If there’s one thing that the economic woes of 2008 and 2009 taught us, it’s that collaboration – that oft-used (and often over-used) word in supply chain and outsourcing circles – must be more than lip service and feel-good fodder for slick annual reports.
It’s fair to say that collaboration is an essential key to survival and bottom-line prosperity.
Global companies know this but they still struggle mightily with the challenges of integration and collaboration across their increasingly complex and widespread networks.
A new study, sent to us courtesy of Peter Moore, vice president, Government Services of Celerant Government Services Inc. underscores this point. “Most companies know that a global supply chain needs to be in touch with all partners involved,” he says, “but very few companies out there are actually doing it.”
But it’s even more than that: It used to be that collaboration was the innovation – maybe it still is for many companies – but nowadays companies need to collaborate to innovate.

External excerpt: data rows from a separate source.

(* The new (co)contractions are avoided: their remaining edges dangle. *)
Lemma cycle_edge_cases x : x \in cyc ->
  [\/ exists2 a, x.1 = inl (inl a) & a != bridge /\ left_edge a,
      exists2 b, x.1 = inl (inr b) & right_edge b |
      [/\ x.1 = inl (inl bridge), on_left (fsrc C x.1) & ~~ on_left (ftgt C x.1)]].
Proof.
move=> xc; have := ai_cycle_edge cc xc; rewrite in_esC.
case: x xc => [[[a|b]|[e|e]] dir] xc; rewrite [glue_edge _]/=; [move=> aE | case/andP=> bE bn | |].
- case Es: (fsrc D' a) => [v|]; last first.
    have [e eU Ea] := D'_src_none aE Es; subst a.
    by case: (cycle_avoids_coctr xc (srcC_left_up eU)).
  case Et: (ftgt D' a) => [w|].
    constructor 1; exists a => //; split.
      by apply/eqP => Ea; move: Et; rewrite Ea bridge_tgt.
    by split; rewrite ?(srcC_left Es) ?(tgtC_left Et) ?Es ?Et.
  have [Ea|[e eL Ea]] := D'_tgt_none aE Et; subst a; last first.
    by case: (cycle_avoids_ctr xc (tgtC_left_lo eL)).
  case E2: (ftgt D'' (u'' e2)) => [w|].
    by constructor 3; split => //; rewrite ?(srcC_left Es) ?(tgtC_bridge E2).
  have [e eL Ee] := D''_tgt_none u''e2_in E2.
  by case: (cycle_avoids_ctr xc (tgtC_bridge_lo eL (esym Ee))).
- case Es: (fsrc D'' b) => [v|]; last first.
    have [Eb|[e eU Eb]] := D''_src_none bE Es; first by rewrite Eb eqxx in bn.
    by subst b; case: (cycle_avoids_coctr xc (srcC_right_up eU)).
  case Et: (ftgt D'' b) => [w|]; last first.
    have [e eL Eb] := D''_tgt_none bE Et; subst b.
    by case: (cycle_avoids_ctr xc (tgtC_right_lo eL)).
  by constructor 2; exists b => //; split; rewrite ?(srcC_right Es) ?(tgtC_right Et) ?Es ?Et.
- by have [] := ai_cycle_inner cc xc.
- by have [] := ai_cycle_inner cc xc.
Qed.

Lemma side_invariant x : x \in cyc -> x.1 != inl (inl bridge) ->
  side x = on_left (entry_vertex C x).
Proof.
move=> xc xn; have [hs ht] := ai_cycle_inner cc xc.
rewrite /side /exit_vertex /entry_vertex.
case: (cycle_edge_cases xc) => [[a Ea [_ [_ Es Et]]]|[b Eb [_ Es Et]]|[Ex _ _]].
- move: hs ht; rewrite Ea Es Et.
  by case: (fsrc D' a) => // ? _; case: (ftgt D' a) => // ? _; case: (x.2).
- by rewrite Eb Es Et; case: (x.2); case: (fsrc D'' b); case: (ftgt D'' b).
- by rewrite Ex eqxx in xn.
Qed.

Lemma side_switch_bridge x : x \in cyc -> x.1 = inl (inl bridge) ->
  side x != on_left (entry_vertex C x).
Proof.
move=> xc Ex; rewrite /side /exit_vertex /entry_vertex.
case: (cycle_edge_cases xc) => [[a Ea [an _]]|[b Eb _]|[_ h1 h2]].
- by move: Ea; rewrite Ex => -[Ea]; rewrite Ea eqxx in an.
- by rewrite Ex in Eb.
- by case: (x.2); move: h1 h2; case: (on_left _); case: (on_left _).
Qed.

Lemma side_along_path x p : path (step C) x p ->
  all (fun y => (y \in cyc) && (y.1 != inl (inl bridge))) p ->
  all (fun y => side y == side x) p.
Proof.
elim: p x => [|y p IH] x //=; case/andP => sxy pth /andP[/andP[yc yn] al].
have [E _] := step_exit_entry sxy.
have -> : side y = side x by rewrite (side_invariant yc yn) -E.
by rewrite eqxx /=; move: (IH y pth al); rewrite (side_invariant yc yn) -E.
Qed.

(* Crossing the bridge moves the cycle from D' to D'' for good. *)
Lemma cycle_avoids_bridge x : x \in cyc -> x.1 != inl (inl bridge).
Proof.
move=> xc; apply/negP => /eqP Ex; have [k rest Hr] := rot_to xc.
have /and4P[_ _ /= /andP[x_notin _]] : ai_cycle C (x :: rest) by rewrite -Hr ai_cycle_rot.
rewrite /cycle rcons_path => /andP[pth last_step].
have avoid : all (fun y => (y \in cyc) && (y.1 != inl (inl bridge))) rest.
  apply/allP => y yr; rewrite -(mem_rot k) Hr inE yr orbT /=.
  by apply: contra x_notin => /eqP E; rewrite Ex -E map_f.
have side_last : side (last x rest) = side x.
  have := mem_last x rest; rewrite inE => /orP[/eqP -> //|lr].
  by move/allP: (side_along_path pth avoid) => /(_ _ lr) /eqP.
have [E _] := step_exit_entry last_step.
by move: (side_switch_bridge xc Ex); rewrite -E -/(side _) side_last eqxx.
Qed.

The Business Performance Management (BPM) Forum and the Chief Marketing Officer (CMO) Council released “Greater Innovation Through Closer Collaboration” in early December. Sponsored by Sterling Commerce and AT&T, the 48-page report is based on a survey of more than 400 executives and managers whose companies do business around the world, and about 36 percent of the respondents represent companies with revenues of more than $1 billion.
“Twenty-first century business models are more dependent than ever on complex, cross-company collaboration for business innovation, product and service delivery and customer satisfaction,” said Liz Miller, vice president of the BPM Forum and CMO Council.
The survey illustrates this point: Nearly 70 percent of the respondents say that business partners are essential to their companies’ go-to-market processes, customer experience and competitive position. And more than half say their partner networks are becoming more global and complex.
Yet, only 6 percent of survey respondents believe their companies are highly effective in integrating, coordinating and optimizing their business partner networks.
“Most companies are struggling to collaborate with partners and almost universally believe there is a significant deficiency in the way they integrate information exchange and processes across their partners networks,” says the report.
More findings:
- Only 5 percent of respondents said they have end-to-end data and process integration across their networks, although 51 percent report some level of integration with select partners.
- About 64 percent say they have either no ability or an unsatisfactory ability to extend and leverage their internal systems to selling and service partners.
- Some 75 percent have either no or unsatisfactory ability to extend and leverage their internal systems to suppliers and outsourced service providers.
- Only 30 percent say they effective in sharing customer data and insights with partners to enable innovation.
Those are some pretty lackluster results about the state of collaboration in 2010, especially the last point. It seems that trust is still a thorny hurdle – as in establishing it from the get-go.
Quoted in the report, Lisa Ellram, Professor of Distribution Management at Miami University of Ohio, said: “A lack of trust (in one’s partners) causes companies to insert extra assets all over. For example, they will have extra inventory everywhere and more suppliers than they need.”
Ellram’s thought jibes well with what we talked about last week, based on the research and work of Nobel laureate Oliver Williamson and his Transaction Cost Economics, particularly in coming to terms with supply chain “maladaptations” and the bounds and rationality of contracting.
That is where Vested Outsourcing can change that game by getting into the ‘What’s in it for We’ mindset from the very start of the relationship.